А хотел было что-нибудь сказать и открыл рот, но воздух не желал входить в легкие. Зал закружился, и не будь А привязан к стулу, он бы наверняка упал.

— Тебе не о чем беспокоиться, — сказал Гудман и успокаивающе положил руку ему на плечо. — Настоящая Натали Лоруа жива и с нетерпением ждет своего мужа Филиппа, который скоро вернется из короткой поездки в Швейцарию. И теперь, когда Филипп слил всю свою ненависть на клон жены, Натали получит гораздо более любящего и спокойного мужа. Предполагаю, что Филипп, который прибудет домой, станет гораздо вы­ше ценить все добродетели Натали. А ведь мы с тобой знаем, что таковых немало.

— Она была человеком, — не отступал А.

— Она казалась человеком, — поправил его Гудман. — Как и ты.

— Я — человек! — рявкнул А. — Я родился больным старостью, меня бросила мать...
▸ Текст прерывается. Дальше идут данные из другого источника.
Lemma rescaled_flux_eq_pow n k u u' r : (0 < k)%nat -> (k <= n)%nat -> 0 < r -> 0 < u r ->
  u' r < 0 ->
  rescaled_flux n k u u' r = log_slope u u' r ^ k.
Proof.
  intros Hk Hkn Hr Hu Hu'. unfold rescaled_flux, log_slope. rewrite flux_eq_neg by assumption.
  rewrite <- Rpower_pow by exact Hr. rewrite minus_INR by exact Hkn.
  replace (- - (Rpower r (INR n - INR k) * (- u' r) ^ k) * Rpower r (2 * INR k - INR n))
    with (Rpower r (INR n - INR k) * Rpower r (2 * INR k - INR n) * (- u' r) ^ k) by ring.
  rewrite <- Rpower_plus. replace (INR n - INR k + (2 * INR k - INR n)) with (INR k) by ring.
  rewrite Rpower_pow by exact Hr.
  replace (- r * u' r / u r) with (r * (- u' r) * / u r) by (field; lra).
  rewrite !Rpow_mult_distr, pow_inv. field. apply pow_nonzero. lra.
Qed.

Lemma flux_nonincreasing n k p lam (u u' : R -> R) : 0 <= lam ->
  (forall r, 0 < r -> 0 < u r) ->
  (forall r, 0 < r -> derivable_pt_lim (flux n k u') r (- lam * r ^ (n - 1) * Rpower (u r) p)) ->
  forall x y, 0 < x -> x <= y -> flux n k u' y <= flux n k u' x.
Proof.
  intros Hlam Hpos Hd x y Hx Hxy.
  apply (nonincreasing_of_deriv _ (fun t => - lam * t ^ (n - 1) * Rpower (u t) p) x y Hxy).
  - intros t Ht. apply Hd. lra.
  - intros t Ht. assert (0 <= t ^ (n - 1) * Rpower (u t) p).
    { apply Rmult_le_pos; [apply pow_le; lra|left; apply Rpower_pos]. }
    nra.
Qed.

Lemma rescaled_flux_deriv n k p lam (u u' : R -> R) r :
  (0 < k)%nat -> (0 < n)%nat -> INR k < p -> 0 < r -> 0 < u r ->
  derivable_pt_lim u r (u' r) ->
  derivable_pt_lim (flux n k u') r (- lam * r ^ (n - 1) * Rpower (u r) p) ->
  derivable_pt_lim (rescaled_flux n k u u') r
    ((lam * Rpower (u r * Rpower r (2 * INR k / (p - INR k))) (p - INR k)
      - INR k * rescaled_flux n k u u' r * ((INR n - 2 * INR k) / INR k - log_slope u u' r)) / r).
Proof.
  intros Hk Hn Hp Hr Hu Hu' Hw.
  set (K := INR k) in *. set (N := INR n).
  assert (HK : 0 < K) by (apply lt_0_INR; exact Hk).
  assert (Hdecay : Rpower (u r * Rpower r (2 * K / (p - K))) (p - K)
    = r * r ^ (n - 1) * Rpower (u r) p * Rpower r (2 * K - N) / u r ^ k).
  { rewrite <- Rpower_mult_distr, Rpower_mult by (try apply Rpower_pos; lra).
    replace (2 * K / (p - K) * (p - K)) with (2 * K) by (field; lra).
    replace (r * r ^ (n - 1)) with (r ^ n) by (destruct n; [lia|simpl; rewrite Nat.sub_0_r; ring]).
    rewrite <- !Rpower_pow by lra. fold K N.
    replace (Rpower (u r) p) with (Rpower (u r) (p - K) * Rpower (u r) K)
      by (rewrite <- Rpower_plus; f_equal; ring).
    replace (Rpower r (2 * K)) with (Rpower r N * Rpower r (2 * K - N))
      by (rewrite <- Rpower_plus; f_equal; ring).
    field. apply Rgt_not_eq, Rpower_pos. }
  eapply derivable_pt_lim_eq.
  - apply (derivable_pt_lim_div (fun y => - flux n k u' y * Rpower y (2 * K - N))
      (fun y => u y ^ k)).
    + apply derivable_pt_lim_mult;
        [apply derivable_pt_lim_opp, Hw|apply derivable_pt_lim_power, Hr].
    + apply (derivable_pt_lim_comp u (fun y => y ^ k)); [exact Hu'|apply derivable_pt_lim_pow].
    + apply pow_nonzero. lra.
  - rewrite Hdecay, Rpower_minus_1 by lra. unfold rescaled_flux, log_slope, Rsqr. fold K N.
    replace (u r ^ k) with (u r * u r ^ pred k) by (destruct k; [lia|reflexivity]).
    pose proof (pow_lt (u r) (pred k) Hu). field. repeat split; lra.
Qed.

Lemma log_slope_le_of_flux n k (u u' : R -> R) R1 :
  (0 < k)%nat -> (k <= n)%nat -> 0 < (INR n - 2 * INR k) / INR k -> 0 <= R1 ->
  (forall r, R1 < r -> 0 < u r) ->
  (forall r, R1 < r -> u' r < 0) ->
  (forall r, R1 < r -> derivable_pt_lim u r (u' r)) ->
  (forall x y, 0 < x -> x <= y -> flux n k u' y <= flux n k u' x) ->
  forall r, R1 < r -> log_slope u u' r <= (INR n - 2 * INR k) / INR k.
Proof.
  intros Hk Hkn Hbet HR1 Hu Hneg Hd Hmono.
  apply (log_slope_le_of_mono u u' (n - k) k _ R1); try assumption.
  - rewrite minus_INR by exact Hkn. field. apply not_0_INR. lia.
  - intros r s Hr Hrs. specialize (Hmono r s ltac:(lra) Hrs).
    rewrite !flux_eq_neg in Hmono by (exact Hk || apply Hneg; lra). lra.
Qed.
Но насмешливый взгляд Гудмана не дал ему договорить.

— Я тоже клон? — спросил А с глазами, полными слез. — Меня тоже заказал близкий человек, который меня ненавидит?

— Ты... — Гудман усмехнулся. — С тобой все несколько сложнее.

— Сложнее? — пробормотал А, и Гудман вынул из кармана зеркальце и поднес к лицу А.

В зеркальце А увидел, что его лохматая борода полностью сбрита и от нее остались только коротенькие усы прямо под носом. И что волосы у него зализаны набок, уродливо и странно. Только теперь, глядя в зеркало, А заметил, что на нем коричневая военная форма.

— Тебя, дорогой, зовут Адольф, — сказал Гудман. — И твой хозяин вот-вот войдет.


Tabula rasa

Старик с белой бородой впился в А изучающим взглядом.

— Вы можете подойти, мистер Кляйн, — сказал Гудман. — Он связан, он вам не навредит.

— Должен признаться, он и впрямь похож на того, — прошептал старик дрожащим голосом.

— Он не похож на того, — поправил Гудман. — Он и есть он. Стопроцентный Адольф Гитлер. Не только телом, но и тем, что внутри. Понимаете? Те же знания, тот же склад характера, те же способности. Я хочу показать вам кое-что.

Гудман вытащил из кожаного портфеля маленький ноутбук и поставил его перед стариком. А не видел экран, но слышал свой голос из динамика. Он слышал, как кричит на Гудмана и желает ему смерти.

— Видели? — сказал Гудман с гордостью. — Следили за движениями рук? А теперь смотрите сюда...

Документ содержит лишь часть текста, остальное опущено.